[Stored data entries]
================
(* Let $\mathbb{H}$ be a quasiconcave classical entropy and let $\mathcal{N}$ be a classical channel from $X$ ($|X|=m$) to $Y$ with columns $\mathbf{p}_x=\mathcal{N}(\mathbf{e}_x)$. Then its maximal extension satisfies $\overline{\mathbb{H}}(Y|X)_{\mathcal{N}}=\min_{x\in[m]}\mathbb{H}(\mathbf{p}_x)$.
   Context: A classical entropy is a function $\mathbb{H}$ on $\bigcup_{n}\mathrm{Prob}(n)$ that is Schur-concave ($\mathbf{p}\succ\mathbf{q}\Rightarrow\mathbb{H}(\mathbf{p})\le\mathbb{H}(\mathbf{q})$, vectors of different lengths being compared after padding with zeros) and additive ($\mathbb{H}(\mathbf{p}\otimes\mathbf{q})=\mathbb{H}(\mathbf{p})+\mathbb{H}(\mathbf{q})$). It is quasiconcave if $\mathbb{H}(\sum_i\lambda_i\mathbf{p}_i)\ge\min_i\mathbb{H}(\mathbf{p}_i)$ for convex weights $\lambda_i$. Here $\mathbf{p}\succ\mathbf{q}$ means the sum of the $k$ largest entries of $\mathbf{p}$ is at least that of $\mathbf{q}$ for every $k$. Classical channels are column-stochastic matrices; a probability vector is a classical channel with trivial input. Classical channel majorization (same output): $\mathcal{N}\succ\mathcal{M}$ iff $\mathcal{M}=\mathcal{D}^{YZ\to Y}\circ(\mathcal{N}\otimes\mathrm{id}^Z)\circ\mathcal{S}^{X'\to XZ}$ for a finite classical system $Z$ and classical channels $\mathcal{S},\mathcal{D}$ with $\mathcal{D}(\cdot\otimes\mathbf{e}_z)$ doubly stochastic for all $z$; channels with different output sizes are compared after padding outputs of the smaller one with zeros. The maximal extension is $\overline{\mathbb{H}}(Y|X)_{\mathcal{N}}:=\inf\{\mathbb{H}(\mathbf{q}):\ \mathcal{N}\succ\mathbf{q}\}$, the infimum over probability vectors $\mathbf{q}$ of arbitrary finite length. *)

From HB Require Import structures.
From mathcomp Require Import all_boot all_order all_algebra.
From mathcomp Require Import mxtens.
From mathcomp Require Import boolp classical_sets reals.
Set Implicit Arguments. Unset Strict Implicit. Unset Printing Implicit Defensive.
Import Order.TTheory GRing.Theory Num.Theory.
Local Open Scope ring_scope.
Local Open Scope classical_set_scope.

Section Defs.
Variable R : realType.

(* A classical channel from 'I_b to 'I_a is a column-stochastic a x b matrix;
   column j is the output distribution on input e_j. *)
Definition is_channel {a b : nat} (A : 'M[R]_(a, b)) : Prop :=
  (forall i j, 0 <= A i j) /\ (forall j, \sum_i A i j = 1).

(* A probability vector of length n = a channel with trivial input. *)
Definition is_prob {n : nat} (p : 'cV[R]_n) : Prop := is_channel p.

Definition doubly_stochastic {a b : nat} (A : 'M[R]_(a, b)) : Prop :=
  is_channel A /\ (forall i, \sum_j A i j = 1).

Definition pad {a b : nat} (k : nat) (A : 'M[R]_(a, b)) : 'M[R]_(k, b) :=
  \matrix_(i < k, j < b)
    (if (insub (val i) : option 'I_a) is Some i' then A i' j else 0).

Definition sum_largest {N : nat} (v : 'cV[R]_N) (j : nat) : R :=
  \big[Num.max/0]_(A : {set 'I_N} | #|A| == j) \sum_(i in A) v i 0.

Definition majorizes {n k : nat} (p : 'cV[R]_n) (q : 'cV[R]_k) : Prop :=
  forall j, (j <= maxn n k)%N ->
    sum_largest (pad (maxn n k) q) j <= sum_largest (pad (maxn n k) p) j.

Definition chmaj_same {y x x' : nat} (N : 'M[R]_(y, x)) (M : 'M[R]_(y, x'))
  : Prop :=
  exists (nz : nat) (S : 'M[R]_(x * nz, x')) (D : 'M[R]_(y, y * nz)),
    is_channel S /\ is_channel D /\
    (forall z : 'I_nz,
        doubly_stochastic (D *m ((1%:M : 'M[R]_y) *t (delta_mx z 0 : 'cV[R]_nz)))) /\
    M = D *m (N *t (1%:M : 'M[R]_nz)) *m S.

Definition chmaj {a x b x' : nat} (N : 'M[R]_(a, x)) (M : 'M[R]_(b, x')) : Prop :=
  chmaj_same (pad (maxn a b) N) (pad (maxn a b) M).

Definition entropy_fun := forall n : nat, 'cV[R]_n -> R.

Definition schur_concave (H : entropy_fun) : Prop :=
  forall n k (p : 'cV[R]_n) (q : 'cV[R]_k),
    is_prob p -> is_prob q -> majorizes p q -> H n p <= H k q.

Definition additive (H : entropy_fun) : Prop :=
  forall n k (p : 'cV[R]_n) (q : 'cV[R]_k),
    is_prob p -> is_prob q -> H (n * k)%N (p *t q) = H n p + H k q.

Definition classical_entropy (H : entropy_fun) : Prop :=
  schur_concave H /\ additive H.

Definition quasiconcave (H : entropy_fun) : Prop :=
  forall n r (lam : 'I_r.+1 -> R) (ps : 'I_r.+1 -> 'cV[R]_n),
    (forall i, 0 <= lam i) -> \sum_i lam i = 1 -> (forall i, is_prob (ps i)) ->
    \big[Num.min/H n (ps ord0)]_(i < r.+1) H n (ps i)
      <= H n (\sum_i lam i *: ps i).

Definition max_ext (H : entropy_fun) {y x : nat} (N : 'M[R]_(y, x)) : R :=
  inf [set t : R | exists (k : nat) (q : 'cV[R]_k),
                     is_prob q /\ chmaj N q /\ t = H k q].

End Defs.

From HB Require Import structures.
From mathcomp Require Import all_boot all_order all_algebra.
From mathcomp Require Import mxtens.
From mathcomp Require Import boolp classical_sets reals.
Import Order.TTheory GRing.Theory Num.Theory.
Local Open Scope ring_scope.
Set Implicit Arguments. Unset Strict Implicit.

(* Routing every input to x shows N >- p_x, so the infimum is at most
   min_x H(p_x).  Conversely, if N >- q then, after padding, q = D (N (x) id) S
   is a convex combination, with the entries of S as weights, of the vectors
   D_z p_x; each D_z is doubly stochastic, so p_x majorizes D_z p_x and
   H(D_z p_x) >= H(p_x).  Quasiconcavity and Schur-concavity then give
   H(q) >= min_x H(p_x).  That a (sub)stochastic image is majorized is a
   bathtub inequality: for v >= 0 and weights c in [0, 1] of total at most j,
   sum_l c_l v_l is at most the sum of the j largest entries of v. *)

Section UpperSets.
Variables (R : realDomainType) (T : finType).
================
WORK INSTRUCTION: Return the entries above exactly as they were written.

OUTPUT BELOW:
(* Let $\mathbb{H}$ be a quasiconcave classical entropy and let $\mathcal{N}$ be a classical channel from $X$ ($|X|=m$) to $Y$ with columns $\mathbf{p}_x=\mathcal{N}(\mathbf{e}_x)$. Then its maximal extension satisfies $\overline{\mathbb{H}}(Y|X)_{\mathcal{N}}=\min_{x\in[m]}\mathbb{H}(\mathbf{p}_x)$.
   Context: A classical entropy is a function $\mathbb{H}$ on $\bigcup_{n}\mathrm{Prob}(n)$ that is Schur-concave ($\mathbf{p}\succ\mathbf{q}\Rightarrow\mathbb{H}(\mathbf{p})\le\mathbb{H}(\mathbf{q})$, vectors of different lengths being compared after padding with zeros) and additive ($\mathbb{H}(\mathbf{p}\otimes\mathbf{q})=\mathbb{H}(\mathbf{p})+\mathbb{H}(\mathbf{q})$). It is quasiconcave if $\mathbb{H}(\sum_i\lambda_i\mathbf{p}_i)\ge\min_i\mathbb{H}(\mathbf{p}_i)$ for convex weights $\lambda_i$. Here $\mathbf{p}\succ\mathbf{q}$ means the sum of the $k$ largest entries of $\mathbf{p}$ is at least that of $\mathbf{q}$ for every $k$. Classical channels are column-stochastic matrices; a probability vector is a classical channel with trivial input. Classical channel majorization (same output): $\mathcal{N}\succ\mathcal{M}$ iff $\mathcal{M}=\mathcal{D}^{YZ\to Y}\circ(\mathcal{N}\otimes\mathrm{id}^Z)\circ\mathcal{S}^{X'\to XZ}$ for a finite classical system $Z$ and classical channels $\mathcal{S},\mathcal{D}$ with $\mathcal{D}(\cdot\otimes\mathbf{e}_z)$ doubly stochastic for all $z$; channels with different output sizes are compared after padding outputs of the smaller one with zeros. The maximal extension is $\overline{\mathbb{H}}(Y|X)_{\mathcal{N}}:=\inf\{\mathbb{H}(\mathbf{q}):\ \mathcal{N}\succ\mathbf{q}\}$, the infimum over probability vectors $\mathbf{q}$ of arbitrary finite length. *)

From HB Require Import structures.
From mathcomp Require Import all_boot all_order all_algebra.
From mathcomp Require Import mxtens.
From mathcomp Require Import boolp classical_sets reals.
Set Implicit Arguments. Unset Strict Implicit. Unset Printing Implicit Defensive.
Import Order.TTheory GRing.Theory Num.Theory.
Local Open Scope ring_scope.
Local Open Scope classical_set_scope.

Section Defs.
Variable R : realType.

(* A classical channel from 'I_b to 'I_a is a column-stochastic a x b matrix;
   column j is the output distribution on input e_j. *)
Definition is_channel {a b : nat} (A : 'M[R]_(a, b)) : Prop :=
  (forall i j, 0 <= A i j) /\ (forall j, \sum_i A i j = 1).

(* A probability vector of length n = a channel with trivial input. *)
Definition is_prob {n : nat} (p : 'cV[R]_n) : Prop := is_channel p.

Definition doubly_stochastic {a b : nat} (A : 'M[R]_(a, b)) : Prop :=
  is_channel A /\ (forall i, \sum_j A i j = 1).

Definition pad {a b : nat} (k : nat) (A : 'M[R]_(a, b)) : 'M[R]_(k, b) :=
  \matrix_(i < k, j < b)
    (if (insub (val i) : option 'I_a) is Some i' then A i' j else 0).

Definition sum_largest {N : nat} (v : 'cV[R]_N) (j : nat) : R :=
  \big[Num.max/0]_(A : {set 'I_N} | #|A| == j) \sum_(i in A) v i 0.

Definition majorizes {n k : nat} (p : 'cV[R]_n) (q : 'cV[R]_k) : Prop :=
  forall j, (j <= maxn n k)%N ->
    sum_largest (pad (maxn n k) q) j <= sum_largest (pad (maxn n k) p) j.

Definition chmaj_same {y x x' : nat} (N : 'M[R]_(y, x)) (M : 'M[R]_(y, x'))
  : Prop :=
  exists (nz : nat) (S : 'M[R]_(x * nz, x')) (D : 'M[R]_(y, y * nz)),
    is_channel S /\ is_channel D /\
    (forall z : 'I_nz,
        doubly_stochastic (D *m ((1%:M : 'M[R]_y) *t (delta_mx z 0 : 'cV[R]_nz)))) /\
    M = D *m (N *t (1%:M : 'M[R]_nz)) *m S.

Definition chmaj {a x b x' : nat} (N : 'M[R]_(a, x)) (M : 'M[R]_(b, x')) : Prop :=
  chmaj_same (pad (maxn a b) N) (pad (maxn a b) M).

Definition entropy_fun := forall n : nat, 'cV[R]_n -> R.

Definition schur_concave (H : entropy_fun) : Prop :=
  forall n k (p : 'cV[R]_n) (q : 'cV[R]_k),
    is_prob p -> is_prob q -> majorizes p q -> H n p <= H k q.

Definition additive (H : entropy_fun) : Prop :=
  forall n k (p : 'cV[R]_n) (q : 'cV[R]_k),
    is_prob p -> is_prob q -> H (n * k)%N (p *t q) = H n p + H k q.

Definition classical_entropy (H : entropy_fun) : Prop :=
  schur_concave H /\ additive H.

Definition quasiconcave (H : entropy_fun) : Prop :=
  forall n r (lam : 'I_r.+1 -> R) (ps : 'I_r.+1 -> 'cV[R]_n),
    (forall i, 0 <= lam i) -> \sum_i lam i = 1 -> (forall i, is_prob (ps i)) ->
    \big[Num.min/H n (ps ord0)]_(i < r.+1) H n (ps i)
      <= H n (\sum_i lam i *: ps i).

Definition max_ext (H : entropy_fun) {y x : nat} (N : 'M[R]_(y, x)) : R :=
  inf [set t : R | exists (k : nat) (q : 'cV[R]_k),
                     is_prob q /\ chmaj N q /\ t = H k q].

End Defs.

From HB Require Import structures.
From mathcomp Require Import all_boot all_order all_algebra.
From mathcomp Require Import mxtens.
From mathcomp Require Import boolp classical_sets reals.
Import Order.TTheory GRing.Theory Num.Theory.
Local Open Scope ring_scope.
Set Implicit Arguments. Unset Strict Implicit.

(* Routing every input to x shows N >- p_x, so the infimum is at most
   min_x H(p_x).  Conversely, if N >- q then, after padding, q = D (N (x) id) S
   is a convex combination, with the entries of S as weights, of the vectors
   D_z p_x; each D_z is doubly stochastic, so p_x majorizes D_z p_x and
   H(D_z p_x) >= H(p_x).  Quasiconcavity and Schur-concavity then give
   H(q) >= min_x H(p_x).  That a (sub)stochastic image is majorized is a
   bathtub inequality: for v >= 0 and weights c in [0, 1] of total at most j,
   sum_l c_l v_l is at most the sum of the j largest entries of v. *)

Section UpperSets.
Variables (R : realDomainType) (T : finType).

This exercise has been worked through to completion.